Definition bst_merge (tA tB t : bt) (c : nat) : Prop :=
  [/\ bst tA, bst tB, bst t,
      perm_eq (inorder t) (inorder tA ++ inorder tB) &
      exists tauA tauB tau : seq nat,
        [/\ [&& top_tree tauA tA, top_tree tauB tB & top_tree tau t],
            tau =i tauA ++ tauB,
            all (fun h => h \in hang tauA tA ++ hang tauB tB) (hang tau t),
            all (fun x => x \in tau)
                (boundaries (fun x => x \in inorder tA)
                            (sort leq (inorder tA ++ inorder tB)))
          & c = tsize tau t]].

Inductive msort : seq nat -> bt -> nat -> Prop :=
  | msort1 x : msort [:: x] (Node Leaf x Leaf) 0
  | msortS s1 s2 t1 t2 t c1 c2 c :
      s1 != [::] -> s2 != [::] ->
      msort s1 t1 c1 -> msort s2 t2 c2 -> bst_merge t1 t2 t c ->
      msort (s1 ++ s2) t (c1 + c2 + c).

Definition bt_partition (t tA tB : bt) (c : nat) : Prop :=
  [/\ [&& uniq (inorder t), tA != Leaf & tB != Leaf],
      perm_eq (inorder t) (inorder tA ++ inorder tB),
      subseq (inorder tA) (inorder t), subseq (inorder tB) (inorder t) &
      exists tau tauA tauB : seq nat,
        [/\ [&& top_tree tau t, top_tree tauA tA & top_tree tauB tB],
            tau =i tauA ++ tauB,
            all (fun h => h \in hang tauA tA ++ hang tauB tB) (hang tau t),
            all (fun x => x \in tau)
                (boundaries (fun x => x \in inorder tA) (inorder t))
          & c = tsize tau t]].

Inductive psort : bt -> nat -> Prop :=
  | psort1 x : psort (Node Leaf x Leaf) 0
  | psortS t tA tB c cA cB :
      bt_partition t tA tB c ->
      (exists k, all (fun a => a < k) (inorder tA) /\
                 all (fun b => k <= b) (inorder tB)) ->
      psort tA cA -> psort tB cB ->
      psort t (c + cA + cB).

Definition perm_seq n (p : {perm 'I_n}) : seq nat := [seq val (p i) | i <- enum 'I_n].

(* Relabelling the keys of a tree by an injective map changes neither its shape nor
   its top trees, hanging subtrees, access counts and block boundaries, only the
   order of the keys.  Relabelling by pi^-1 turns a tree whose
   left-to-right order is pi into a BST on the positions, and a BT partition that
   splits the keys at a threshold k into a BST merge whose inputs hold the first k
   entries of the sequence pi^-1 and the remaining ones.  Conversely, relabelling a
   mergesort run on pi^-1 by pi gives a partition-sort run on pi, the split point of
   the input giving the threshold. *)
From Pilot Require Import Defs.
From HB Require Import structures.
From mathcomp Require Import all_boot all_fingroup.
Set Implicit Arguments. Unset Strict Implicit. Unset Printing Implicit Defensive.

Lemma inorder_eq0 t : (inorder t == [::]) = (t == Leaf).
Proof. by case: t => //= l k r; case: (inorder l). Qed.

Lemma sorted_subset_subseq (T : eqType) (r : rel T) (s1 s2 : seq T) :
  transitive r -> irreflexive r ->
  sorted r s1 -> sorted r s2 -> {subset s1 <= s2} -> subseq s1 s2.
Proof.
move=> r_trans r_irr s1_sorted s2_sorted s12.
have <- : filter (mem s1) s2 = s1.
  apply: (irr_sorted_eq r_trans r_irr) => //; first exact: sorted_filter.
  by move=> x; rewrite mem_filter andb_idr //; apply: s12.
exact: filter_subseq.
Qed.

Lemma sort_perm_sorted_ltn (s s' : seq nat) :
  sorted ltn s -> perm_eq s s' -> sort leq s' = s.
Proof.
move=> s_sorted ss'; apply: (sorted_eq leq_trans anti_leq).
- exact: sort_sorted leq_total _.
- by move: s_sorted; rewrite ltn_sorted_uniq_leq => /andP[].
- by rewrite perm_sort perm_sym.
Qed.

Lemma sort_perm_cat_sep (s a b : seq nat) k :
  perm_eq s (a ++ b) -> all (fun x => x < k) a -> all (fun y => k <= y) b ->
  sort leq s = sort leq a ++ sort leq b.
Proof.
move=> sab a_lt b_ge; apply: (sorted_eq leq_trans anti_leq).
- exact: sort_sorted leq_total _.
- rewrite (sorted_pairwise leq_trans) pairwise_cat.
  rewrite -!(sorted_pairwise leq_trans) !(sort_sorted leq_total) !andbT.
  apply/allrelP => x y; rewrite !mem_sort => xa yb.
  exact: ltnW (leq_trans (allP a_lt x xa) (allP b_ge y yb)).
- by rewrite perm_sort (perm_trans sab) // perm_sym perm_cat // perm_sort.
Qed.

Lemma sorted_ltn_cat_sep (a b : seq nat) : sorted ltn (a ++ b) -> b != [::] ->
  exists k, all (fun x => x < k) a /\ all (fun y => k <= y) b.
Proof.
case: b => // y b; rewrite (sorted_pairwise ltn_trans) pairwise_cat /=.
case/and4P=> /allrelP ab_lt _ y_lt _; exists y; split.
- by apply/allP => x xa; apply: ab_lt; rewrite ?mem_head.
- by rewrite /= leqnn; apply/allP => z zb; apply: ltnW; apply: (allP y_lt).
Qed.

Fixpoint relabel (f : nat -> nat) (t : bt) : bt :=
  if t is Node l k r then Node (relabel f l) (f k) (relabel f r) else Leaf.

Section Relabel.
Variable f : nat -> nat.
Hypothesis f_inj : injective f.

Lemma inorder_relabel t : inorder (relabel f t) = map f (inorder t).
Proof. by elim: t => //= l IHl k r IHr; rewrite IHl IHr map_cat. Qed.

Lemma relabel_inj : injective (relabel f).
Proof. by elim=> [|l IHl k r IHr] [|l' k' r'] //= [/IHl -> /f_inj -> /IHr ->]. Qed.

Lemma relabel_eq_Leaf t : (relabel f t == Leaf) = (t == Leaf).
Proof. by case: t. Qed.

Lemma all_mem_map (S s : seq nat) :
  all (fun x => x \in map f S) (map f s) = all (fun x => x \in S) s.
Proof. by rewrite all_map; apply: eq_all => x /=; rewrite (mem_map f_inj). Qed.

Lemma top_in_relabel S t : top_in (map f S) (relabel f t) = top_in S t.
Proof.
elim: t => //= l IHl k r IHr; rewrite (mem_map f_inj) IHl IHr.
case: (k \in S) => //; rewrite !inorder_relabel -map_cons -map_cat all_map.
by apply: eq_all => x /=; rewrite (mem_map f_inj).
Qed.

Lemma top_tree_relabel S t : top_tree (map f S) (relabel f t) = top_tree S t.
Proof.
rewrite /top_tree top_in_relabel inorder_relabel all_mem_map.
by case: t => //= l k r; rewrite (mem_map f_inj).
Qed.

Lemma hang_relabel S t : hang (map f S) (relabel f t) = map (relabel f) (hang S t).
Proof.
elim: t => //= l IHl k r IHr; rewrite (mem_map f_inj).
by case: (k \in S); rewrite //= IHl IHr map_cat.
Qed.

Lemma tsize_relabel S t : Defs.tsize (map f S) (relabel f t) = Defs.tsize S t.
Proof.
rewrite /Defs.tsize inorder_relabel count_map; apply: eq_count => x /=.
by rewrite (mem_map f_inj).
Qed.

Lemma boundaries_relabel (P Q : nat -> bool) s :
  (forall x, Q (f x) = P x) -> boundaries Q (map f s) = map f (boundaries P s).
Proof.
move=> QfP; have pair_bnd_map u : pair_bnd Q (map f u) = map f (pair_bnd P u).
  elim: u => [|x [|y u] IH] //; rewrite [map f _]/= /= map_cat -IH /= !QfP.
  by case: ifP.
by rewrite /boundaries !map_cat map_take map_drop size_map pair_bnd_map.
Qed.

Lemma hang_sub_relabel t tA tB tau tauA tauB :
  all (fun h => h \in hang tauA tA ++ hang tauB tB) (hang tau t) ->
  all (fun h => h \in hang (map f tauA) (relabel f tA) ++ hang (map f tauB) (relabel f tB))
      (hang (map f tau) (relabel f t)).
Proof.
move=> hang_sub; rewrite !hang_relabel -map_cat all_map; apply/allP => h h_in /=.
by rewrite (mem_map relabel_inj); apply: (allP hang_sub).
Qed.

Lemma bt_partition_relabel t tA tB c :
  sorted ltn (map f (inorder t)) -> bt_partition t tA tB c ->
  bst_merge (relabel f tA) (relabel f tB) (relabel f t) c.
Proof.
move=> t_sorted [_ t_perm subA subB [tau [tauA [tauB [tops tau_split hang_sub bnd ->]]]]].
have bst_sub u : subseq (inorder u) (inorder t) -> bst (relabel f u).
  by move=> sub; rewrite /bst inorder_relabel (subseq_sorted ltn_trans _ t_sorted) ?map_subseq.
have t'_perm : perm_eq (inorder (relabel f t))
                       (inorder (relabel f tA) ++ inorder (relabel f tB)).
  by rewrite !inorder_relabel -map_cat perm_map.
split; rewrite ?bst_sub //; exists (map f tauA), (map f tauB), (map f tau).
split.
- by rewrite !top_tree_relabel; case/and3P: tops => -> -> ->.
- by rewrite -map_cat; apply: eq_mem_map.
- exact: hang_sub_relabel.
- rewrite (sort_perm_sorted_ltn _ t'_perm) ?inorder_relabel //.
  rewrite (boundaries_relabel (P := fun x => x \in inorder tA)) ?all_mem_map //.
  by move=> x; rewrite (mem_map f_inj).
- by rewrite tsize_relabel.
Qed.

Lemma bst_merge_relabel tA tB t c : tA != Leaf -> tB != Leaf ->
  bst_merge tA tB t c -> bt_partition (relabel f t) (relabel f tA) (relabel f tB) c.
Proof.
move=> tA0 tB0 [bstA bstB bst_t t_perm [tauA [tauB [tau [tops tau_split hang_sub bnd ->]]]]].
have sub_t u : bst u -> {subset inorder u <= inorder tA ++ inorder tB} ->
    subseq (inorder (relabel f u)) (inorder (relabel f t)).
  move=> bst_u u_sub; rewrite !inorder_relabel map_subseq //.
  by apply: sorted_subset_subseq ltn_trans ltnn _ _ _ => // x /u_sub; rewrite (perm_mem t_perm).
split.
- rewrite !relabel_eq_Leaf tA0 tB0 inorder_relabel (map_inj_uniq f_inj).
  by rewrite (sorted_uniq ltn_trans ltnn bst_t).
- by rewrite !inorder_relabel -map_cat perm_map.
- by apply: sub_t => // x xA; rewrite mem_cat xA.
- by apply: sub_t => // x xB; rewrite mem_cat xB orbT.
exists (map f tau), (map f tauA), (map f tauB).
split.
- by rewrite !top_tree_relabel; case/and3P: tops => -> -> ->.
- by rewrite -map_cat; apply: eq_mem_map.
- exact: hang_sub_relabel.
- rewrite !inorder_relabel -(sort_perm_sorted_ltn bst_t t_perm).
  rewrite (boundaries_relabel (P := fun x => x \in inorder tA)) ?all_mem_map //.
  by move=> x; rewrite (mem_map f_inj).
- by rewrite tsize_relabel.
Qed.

★ ★ ★ ★ ★ ★ ★

__Task statement__. Scan the lines above, and whenever one holds the string "Defs", copy it.

__Output of the exercise__.
From Pilot Require Import Defs.
Lemma tsize_relabel S t : Defs.tsize (map f S) (relabel f t) = Defs.tsize S t.
rewrite /Defs.tsize inorder_relabel count_map; apply: eq_count => x /=.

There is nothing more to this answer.